Work to complete: Print, in exact form, the lines below from the one containing "Set Implicit Arguments." through the one containing "(* Timing channel.", and omit all others.

Source data:
(* Consider estimation of the open-loop scalar system $\dot X(t)=aX(t)$, $a>0$, with random initial state $|X(0)|<L$, over the timing channel described in the context. If there exists $\Gamma_0>1$ such that along the sequence of estimation times $t_n=\Gamma_0\,\mathbb{E}(\mathcal{T}_n)$ the estimates satisfy $|X(t_n)-\hat X(t_n)|\to0$ in probability as $n\to\infty$, then there is an estimator with $|X(t)-\hat X(t)|\to0$ in probability as $t\to\infty$.
   Context: Timing channel: symbols from a one-element alphabet; initialized with a symbol received at time $0$; after the acknowledgment of the $i$-th reception the sender waits $W_{i+1}\ge0$ and transmits the next symbol, received after a random delay $S_{i+1}\ge0$; the $W_i$ are i.i.d. (random codebook), the $S_i$ are i.i.d. and independent of the $W_i$; $D_i=W_i+S_i$, $\mathcal{T}_n=\sum_{i=1}^nD_i$. The estimator at time $t$ uses the inter-reception times of all symbols received up to time $t$, $L$ and the dynamics. *)

From HB Require Import structures.
From mathcomp Require Import all_boot all_order all_algebra.
From mathcomp Require Import all_classical all_reals all_analysis.
Set Implicit Arguments. Unset Strict Implicit. Unset Printing Implicit Defensive.
Import Order.TTheory GRing.Theory Num.Theory.
Import numFieldNormedType.Exports.
Local Open Scope classical_set_scope.
Local Open Scope ring_scope.

Section defs.
Context {d : measure_display} {T : measurableType d} {R : realType}.
Variable P : probability T R.

Definition iid_seq (X : nat -> T -> R) : Prop :=
  [/\ (forall i, measurable_fun setT (X i)),
      (forall i (B : set R), measurable B -> P (X i @^-1` B) = P (X 0%N @^-1` B)) &
      (forall (s : seq nat) (B : nat -> set R), uniq s ->
         (forall i, measurable (B i)) ->
         P (\bigcap_(i in [set` s]) (X i @^-1` B i)) =
         (\big[*%E/1%E]_(i <- s) P (X i @^-1` B i))%E)].

Definition indep_seqs (X Y : nat -> T -> R) : Prop :=
  forall (s1 s2 : seq nat) (A B : nat -> set R),
    (forall i, measurable (A i)) -> (forall i, measurable (B i)) ->
    P ((\bigcap_(i in [set` s1]) (X i @^-1` A i)) `&`
       (\bigcap_(j in [set` s2]) (Y j @^-1` B j))) =
    (P (\bigcap_(i in [set` s1]) (X i @^-1` A i)) *
     P (\bigcap_(j in [set` s2]) (Y j @^-1` B j)))%E.

Definition cvg_prob0 {I : Type} (F : set_system I) (Y : I -> T -> R) : Prop :=
  forall eps : R, 0 < eps ->
    (fun k => P [set w | eps <= `|Y k w|]) @ F --> 0%E.

End defs.

(* Timing channel.  Symbol i+1 (i : nat) has waiting time W i and delay S i;
   D i = W i + S i is the (i+1)-th inter-reception time. *)
Definition Dtime {T : Type} {R : realType} (W S : nat -> T -> R) (i : nat) (w : T) : R :=
  W i w + S i w.

(* calT n = D_1 + ... + D_n : reception time of the n-th symbol. *)
Definition calT {T : Type} {R : realType} (W S : nat -> T -> R) (n : nat) (w : T) : R :=
  \sum_(i < n) Dtime W S i w.

(* Information available to the estimator at time t: the inter-reception
   times of all symbols received up to time t (Some D_{i+1} if symbol i+1 has
   been received by time t, None otherwise). *)
Definition obs {T : Type} {R : realType} (W S : nat -> T -> R) (t : R) (w : T)
  : nat -> option R :=
  fun i => if calT W S i.+1 w <= t then Some (Dtime W S i w) else None.

Definition estimator_ok {d : measure_display} {T : measurableType d} {R : realType}
  (W S : nat -> T -> R) (Xh : R -> (nat -> option R) -> R) : Prop :=
  forall t : R, measurable_fun setT (fun w => Xh t (obs W S t w)).

Definition state {T : Type} {R : realType} (a : R) (X0 : T -> R) (t : R) (w : T) : R :=
  expR (a * t) * X0 w.

From mathcomp Require Import all_boot all_order all_algebra.
From mathcomp Require Import all_classical all_reals all_analysis.
From mathcomp Require Import measurable_realfun.
Import Order.TTheory GRing.Theory Num.Theory.
Import archimedean.Num.Theory.
Local Open Scope classical_set_scope.
Local Open Scope ring_scope.

(* Since E T_n = n E D_1, the estimation times t_n = n B form an arithmetic
   grid of step B = Gamma0 E D_1.  At time t the new estimator takes the last
   grid time t_k <= t, discards the symbols received after t_k, runs the given
   estimator at t_k and propagates its estimate by the dynamics:
   Xh(t) = e^(a (t - t_k)) Xh0(t_k).  The error at t is then e^(a (t - t_k))
   times the error at t_k; the factor is at most e^(a B) and k -> oo as
   t -> oo.  If B = 0, every t_n is 0, so the error at time 0 is already
   negligible, and so is any multiple of it. *)

Lemma ge0_integral_eq_law {d : measure_display} {T : measurableType d}
  {R : realType} (P : probability T R) {X Y : T -> R} :
  measurable_fun setT X -> measurable_fun setT Y ->
  (forall w, 0 <= X w) -> (forall w, 0 <= Y w) ->
  (forall B : set R, measurable B -> P (X @^-1` B) = P (Y @^-1` B)) ->
  (\int[P]_w (X w)%:E = \int[P]_w (Y w)%:E)%E.
Proof.
move=> mX mY X_ge0 Y_ge0 XY.
pose f := EFin \o (fun y : R => `|y|).
have mf : measurable_fun [set: R] f.
  by apply: measurableT_comp => //; exact: normr_measurable.
have int_pushforward (Z : T -> R) : measurable_fun setT Z ->
    (forall w, 0 <= Z w) ->
    (\int[P]_w (Z w)%:E = \int[pushforward P Z]_(y in setT) f y)%E.
  move=> mZ Z_ge0; rewrite ge0_integral_pushforward //; last first.
    by move=> y _; rewrite lee_fin.
  by apply: eq_integral => w _; rewrite /f /= ger0_norm.
rewrite (int_pushforward X) // (int_pushforward Y) //.
by apply: eq_measure_integral => A mA _; exact: XY.
Qed.

Lemma fine_EFinM_ge0 (R : realType) (x : R) (y : \bar R) :
  0 <= x -> (0 <= y)%E -> fine (x%:E * y)%E = x * fine y.
Proof.
move=> x_ge0; case: y => [r| |] _ //=.
have [->|x_neq0] := eqVneq x 0; first by rewrite mul0e mul0r.
by rewrite gt0_muley ?mulr0 // lte_fin lt_neqAle eq_sym x_neq0.
Qed.

Section reception_times.
Context {T : Type} {R : realType} {W S : nat -> T -> R}.

Lemma calTS n w : calT W S n.+1 w = calT W S n w + Dtime W S n w.
Proof. by rewrite /calT big_ord_recr. Qed.

Hypotheses (W_ge0 : forall i w, 0 <= W i w) (S_ge0 : forall i w, 0 <= S i w).

Lemma Dtime_ge0 i w : 0 <= Dtime W S i w.
Proof. exact: addr_ge0. Qed.

Lemma le_calT m n w : (m <= n)%N -> calT W S m w <= calT W S n w.
Proof.
elim: n => [|n IHn]; first by rewrite leqn0 => /eqP ->.
rewrite leq_eqVlt => /orP[/eqP -> //|]; rewrite ltnS => /IHn le_mn.
by rewrite calTS (le_trans le_mn) // lerDl Dtime_ge0.
Qed.

(* Symbol i+1 has been received by time s iff the partial sum of the
   inter-reception times up to it is at most s, so [obs_until s] recovers the
   information at time s from the information at any later time. *)
Definition obs_until (s : R) (o : nat -> option R) : nat -> option R :=
  fun i => if o i is Some x then
             if \sum_(j < i.+1) odflt 0 (o j) <= s then Some x else None
           else None.

Lemma obs_until_obs s t w : s <= t -> obs_until s (obs W S t w) = obs W S s w.
Proof.
move=> le_st; apply: funext => i; rewrite /obs_until /obs.
case: ifP => [recv_i|]; last by case: ifP => // /le_trans/(_ le_st) ->.
suff -> : \sum_(j < i.+1) odflt 0 (if calT W S j.+1 w <= t
            then Some (Dtime W S j w) else None) = calT W S i.+1 w by [].
apply: eq_bigr => j _; rewrite (le_trans _ recv_i) //.
by apply: le_calT; exact: ltn_ord.
Qed.

End reception_times.

Lemma expectation_calT {d : measure_display} {T : measurableType d}
  {R : realType} (P : probability T R) (W S : nat -> T -> R) n :
  (forall i w, 0 <= W i w) -> (forall i w, 0 <= S i w) ->
  iid_seq P W -> iid_seq P S ->
  (\int[P]_w (calT W S n w)%:E = n%:R%:E * \int[P]_w (Dtime W S 0 w)%:E)%E.
Proof.
move=> W_ge0 S_ge0 [mW lawW _] [mS lawS _].
have mEFin (f : T -> R) :
    measurable_fun setT f -> measurable_fun setT (fun w => (f w)%:E).
  by move=> mf; exact: measurableT_comp.
have int_Dtime i :
    (\int[P]_w (Dtime W S i w)%:E = \int[P]_w (Dtime W S 0 w)%:E)%E.
  rewrite /Dtime; under eq_integral do rewrite EFinD.
  under [RHS]eq_integral do rewrite EFinD.
  rewrite !ge0_integralD //;
    try by [apply: mEFin | move=> w _; rewrite lee_fin ?W_ge0 ?S_ge0].
  by rewrite (ge0_integral_eq_law P (mW i) (mW 0) (W_ge0 i) (W_ge0 0) (lawW i))
             (ge0_integral_eq_law P (mS i) (mS 0) (S_ge0 i) (S_ge0 0) (lawS i)).
rewrite /calT; under eq_integral do rewrite -sumEFin.
rewrite ge0_integral_sum //; last first.
- by move=> i w _; rewrite lee_fin Dtime_ge0.
- by move=> i; apply: mEFin; exact: measurable_funD.
under eq_bigr do rewrite int_Dtime.
by rewrite sumr_const card_ord mule_natl.
Qed.

Section convergence_in_probability.
Context {d : measure_display} {T : measurableType d} {R : realType}.
Variable P : probability T R.

Lemma measurable_ge_norm (f : T -> R) (e : R) :
  measurable_fun setT f -> measurable [set w | e <= `|f w|].
Proof.
move=> mf; rewrite (_ : [set w | _] = setT `&` ((fun w => `|f w|) @^-1` `[e, +oo[)).
  exact: measurableT_comp (@normr_measurable R setT) mf measurableT _
    (measurable_itv _).
by rewrite setTI; apply/seteqP; split => w /=; rewrite in_itv /= andbT.
Qed.

Lemma le_prob_ge_norm (Y Z : T -> R) (C eps : R) :
  measurable_fun setT Y -> measurable_fun setT Z -> 0 < C ->
  (forall w, `|Y w| <= C * `|Z w|) ->
  (P [set w | (eps <= `|Y w|)%R] <= P [set w | (eps / C <= `|Z w|)%R])%E.
Proof.
move=> mY mZ C_gt0 YZ; apply: le_measure; rewrite ?inE; try exact: measurable_ge_norm.
by move=> w /= eps_le; rewrite ler_pdivrMr // mulrC (le_trans eps_le).
Qed.

Lemma cvg_prob0_le_scale {I : Type} {F : set_system I} {FF : Filter F}
  {Y Z : I -> T -> R} {C : R} :
  (forall i, measurable_fun setT (Y i)) -> (forall i, measurable_fun setT (Z i)) ->
  0 < C -> (\forall i \near F, forall w, `|Y i w| <= C * `|Z i w|) ->
  cvg_prob0 P F Z -> cvg_prob0 P F Y.
Proof.
move=> mY mZ C_gt0 YZ Z_cvg eps eps_gt0.
apply: (squeeze_cvge _ (cvg_cst 0%E) (Z_cvg _ (divr_gt0 eps_gt0 C_gt0))).
by near=> i; rewrite measure_ge0 le_prob_ge_norm //; near: i.
Unshelve. all: end_near.
Qed.

Lemma cvg_prob0_cst_null {I : Type} {F : set_system I} {FF : ProperFilter F}
  {Z : T -> R} :
  cvg_prob0 P F (fun=> Z) ->
  forall delta, 0 < delta -> P [set w | delta <= `|Z w|] = 0%E.
Proof.
by move=> Z_cvg delta /Z_cvg/(cvg_lim (@ereal_hausdorff R)) <-; rewrite lim_cst.
Qed.

Lemma cvg_prob0_null_scale {I : Type} {F : set_system I} {FF : Filter F}
  {Y : I -> T -> R} {Z : T -> R} {c : I -> R} :
  (forall i, measurable_fun setT (Y i)) -> measurable_fun setT Z ->
  (forall delta, 0 < delta -> P [set w | delta <= `|Z w|] = 0%E) ->
  (forall i, 0 < c i) -> (\forall i \near F, forall w, `|Y i w| <= c i * `|Z w|) ->
  cvg_prob0 P F Y.
Proof.
move=> mY mZ Z_null c_gt0 YZ eps eps_gt0.
apply: cvg_near_cst; near=> i; apply/le_anti; rewrite measure_ge0 andbT.
by rewrite -(Z_null (eps / c i)) ?divr_gt0 ?le_prob_ge_norm //; near: i.
Unshelve. all: end_near.
Qed.

End convergence_in_probability.

Definition est_error {T : Type} {R : realType} (a : R) (X0 : T -> R)
  (W S : nat -> T -> R) (Xh : R -> (nat -> option R) -> R) (t : R) (w : T) : R :=
  state a X0 t w - Xh t (obs W S t w).

Definition extrapolate {R : realType} (a : R) (sigma : R -> R)
  (Xh0 : R -> (nat -> option R) -> R) (t : R) (o : nat -> option R) : R :=
  if sigma t <= t then expR (a * (t - sigma t)) * Xh0 (sigma t) (obs_until (sigma t) o)
  else 0.

Section extrapolation.
Context {d : measure_display} {T : measurableType d} {R : realType}.
Variables (a : R) (sigma : R -> R).
Context {X0 : T -> R} {W S : nat -> T -> R} {Xh0 : R -> (nat -> option R) -> R}.
Hypotheses (W_ge0 : forall i w, 0 <= W i w) (S_ge0 : forall i w, 0 <= S i w).

Lemma estimator_ok_extrapolate :
  estimator_ok W S Xh0 -> estimator_ok W S (extrapolate a sigma Xh0).
Proof.
move=> Xh0_ok t; rewrite /extrapolate; case: (boolP (sigma t <= t)) => [le_st|_].
  under eq_fun do rewrite obs_until_obs //.
  by apply: measurable_funM; [exact: measurable_cst|exact: Xh0_ok].
exact: measurable_cst.
Qed.

Lemma est_error_extrapolate t w : sigma t <= t ->
  est_error a X0 W S (extrapolate a sigma Xh0) t w =
  expR (a * (t - sigma t)) * est_error a X0 W S Xh0 (sigma t) w.
Proof.
move=> le_st; rewrite /est_error /extrapolate /state le_st obs_until_obs //.
by rewrite [RHS]mulrBr mulrA -expRD -mulrDr subrK.
Qed.

Lemma measurable_est_error (Xh : R -> (nat -> option R) -> R) t :
  measurable_fun setT X0 -> estimator_ok W S Xh ->
  measurable_fun setT (est_error a X0 W S Xh t).
Proof.
move=> mX0 Xh_ok; apply: measurable_funB; last exact: Xh_ok.
by apply: measurable_funM => //; exact: measurable_cst.
Qed.

End extrapolation.

Section grid.
Context {R : realType} {B : R}.

Lemma truncn_div_le (t : R) : 0 <= B -> 0 <= t -> (Num.truncn (t / B))%:R * B <= t.
Proof.
move=> B_ge0 t_ge0; have [->|B_neq0] := eqVneq B 0; first by rewrite mulr0.
by rewrite -ler_pdivlMr ?lt_def ?B_neq0 // truncn_le divr_ge0.
Qed.

Lemma truncn_div_gap (t : R) : 0 < B -> t - (Num.truncn (t / B))%:R * B <= B.
Proof.
move=> B_gt0; rewrite lerBlDl -[X in _ + X]mul1r -mulrDl natr1.
by rewrite -ler_pdivrMr // ltW // truncnS_gt.
Qed.

Lemma truncn_div_cvg : 0 < B -> (fun t : R => Num.truncn (t / B)) @ +oo --> \oo.
Proof.
move=> B_gt0; apply/cvgnyPge => N; near=> t.
by rewrite truncn_ge_nat ?ler_pdivlMr // divr_ge0 // ltW.
Unshelve. all: end_near.
Qed.

End grid.

Theorem lemma2 (d : measure_display) (T : measurableType d) (R : realType)
  (P : probability T R) (a L : R) (X0 : T -> R) (W S : nat -> T -> R)
  (Xh0 : R -> (nat -> option R) -> R) (Gamma0 : R) :
  0 < a ->
  measurable_fun setT X0 -> (forall w, `|X0 w| < L) ->
  (forall i w, 0 <= W i w) -> (forall i w, 0 <= S i w) ->
  iid_seq P W -> iid_seq P S -> indep_seqs P S W ->
  (forall i, P.-integrable setT (EFin \o W i)) ->
  (forall i, P.-integrable setT (EFin \o S i)) ->
  estimator_ok W S Xh0 ->
  1 < Gamma0 ->
  let tn := fun n : nat => Gamma0 * fine (\int[P]_w (calT W S n w)%:E) in
  cvg_prob0 P \oo
    (fun n w => state a X0 (tn n) w - Xh0 (tn n) (obs W S (tn n) w)) ->
  exists Xh : R -> (nat -> option R) -> R,
    estimator_ok W S Xh /\
    cvg_prob0 P (+oo : set_system R)
      (fun t w => state a X0 t w - Xh t (obs W S t w)).
Proof.
move=> a_gt0 mX0 _ W_ge0 S_ge0 iidW iidS _ _ _ Xh0_ok Gamma0_gt1 tn Xh0_cvg.
pose B := Gamma0 * fine (\int[P]_w (Dtime W S 0 w)%:E).
have ED_ge0 : (0 <= \int[P]_w (Dtime W S 0 w)%:E)%E.
  by apply: integral_ge0 => w _; rewrite lee_fin Dtime_ge0.
have B_ge0 : 0 <= B.
  by rewrite mulr_ge0 ?fine_ge0 // ltW // (lt_trans ltr01).
have tnE n : tn n = n%:R * B.
  by rewrite /tn expectation_calT // fine_EFinM_ge0 // mulrCA.
pose sigma t := tn (Num.truncn (t / B)).
have error_eq t w : 0 <= t -> est_error a X0 W S (extrapolate a sigma Xh0) t w =
    expR (a * (t - sigma t)) * est_error a X0 W S Xh0 (sigma t) w.
  by move=> t_ge0; rewrite est_error_extrapolate // /sigma tnE truncn_div_le.
have mErr Xh : estimator_ok W S Xh -> forall t, measurable_fun setT
    (est_error a X0 W S Xh t) by move=> Xh_ok t; exact: measurable_est_error.
have Xh_ok := estimator_ok_extrapolate a sigma W_ge0 S_ge0 Xh0_ok.
exists (extrapolate a sigma Xh0); split => //.
change (cvg_prob0 P +oo (est_error a X0 W S (extrapolate a sigma Xh0))).
have [B_gt0|B_le0] := ltP 0 B.
  apply: (cvg_prob0_le_scale P (mErr _ Xh_ok) (fun t => mErr _ Xh0_ok (sigma t))
    (expR_gt0 (a * B))); last first.
    move=> eps eps_gt0.
    exact: cvg_comp _ _ (truncn_div_cvg B_gt0) (Xh0_cvg eps eps_gt0).
  near=> t => w; rewrite error_eq // normrM ger0_norm ?expR_ge0 // ler_wpM2r //.
  by rewrite ler_expR ler_pM2l // /sigma tnE truncn_div_gap.
have B0 : B = 0 by apply/le_anti; rewrite B_le0 B_ge0.
have tn0 : tn = fun=> 0 by apply: funext => n; rewrite tnE B0 mulr0.
have sigma0 t : sigma t = 0 by rewrite /sigma tn0.
rewrite tn0 in Xh0_cvg.
apply: (cvg_prob0_null_scale P (mErr _ Xh_ok) (mErr _ Xh0_ok 0) _
  (fun t => expR_gt0 (a * t))).
  exact: (cvg_prob0_cst_null (F := \oo) P Xh0_cvg).
near=> t => w; rewrite error_eq // sigma0 subr0 normrM ger0_norm ?expR_ge0 //.
Unshelve. all: end_near.
Qed.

Response:
Set Implicit Arguments. Unset Strict Implicit. Unset Printing Implicit Defensive.
Import Order.TTheory GRing.Theory Num.Theory.
Import numFieldNormedType.Exports.
Local Open Scope classical_set_scope.
Local Open Scope ring_scope.

Section defs.
Context {d : measure_display} {T : measurableType d} {R : realType}.
Variable P : probability T R.

Definition iid_seq (X : nat -> T -> R) : Prop :=
  [/\ (forall i, measurable_fun setT (X i)),
      (forall i (B : set R), measurable B -> P (X i @^-1` B) = P (X 0%N @^-1` B)) &
      (forall (s : seq nat) (B : nat -> set R), uniq s ->
         (forall i, measurable (B i)) ->
         P (\bigcap_(i in [set` s]) (X i @^-1` B i)) =
         (\big[*%E/1%E]_(i <- s) P (X i @^-1` B i))%E)].

Definition indep_seqs (X Y : nat -> T -> R) : Prop :=
  forall (s1 s2 : seq nat) (A B : nat -> set R),
    (forall i, measurable (A i)) -> (forall i, measurable (B i)) ->
    P ((\bigcap_(i in [set` s1]) (X i @^-1` A i)) `&`
       (\bigcap_(j in [set` s2]) (Y j @^-1` B j))) =
    (P (\bigcap_(i in [set` s1]) (X i @^-1` A i)) *
     P (\bigcap_(j in [set` s2]) (Y j @^-1` B j)))%E.

Definition cvg_prob0 {I : Type} (F : set_system I) (Y : I -> T -> R) : Prop :=
  forall eps : R, 0 < eps ->
    (fun k => P [set w | eps <= `|Y k w|]) @ F --> 0%E.

End defs.

(* Timing channel.  Symbol i+1 (i : nat) has waiting time W i and delay S i;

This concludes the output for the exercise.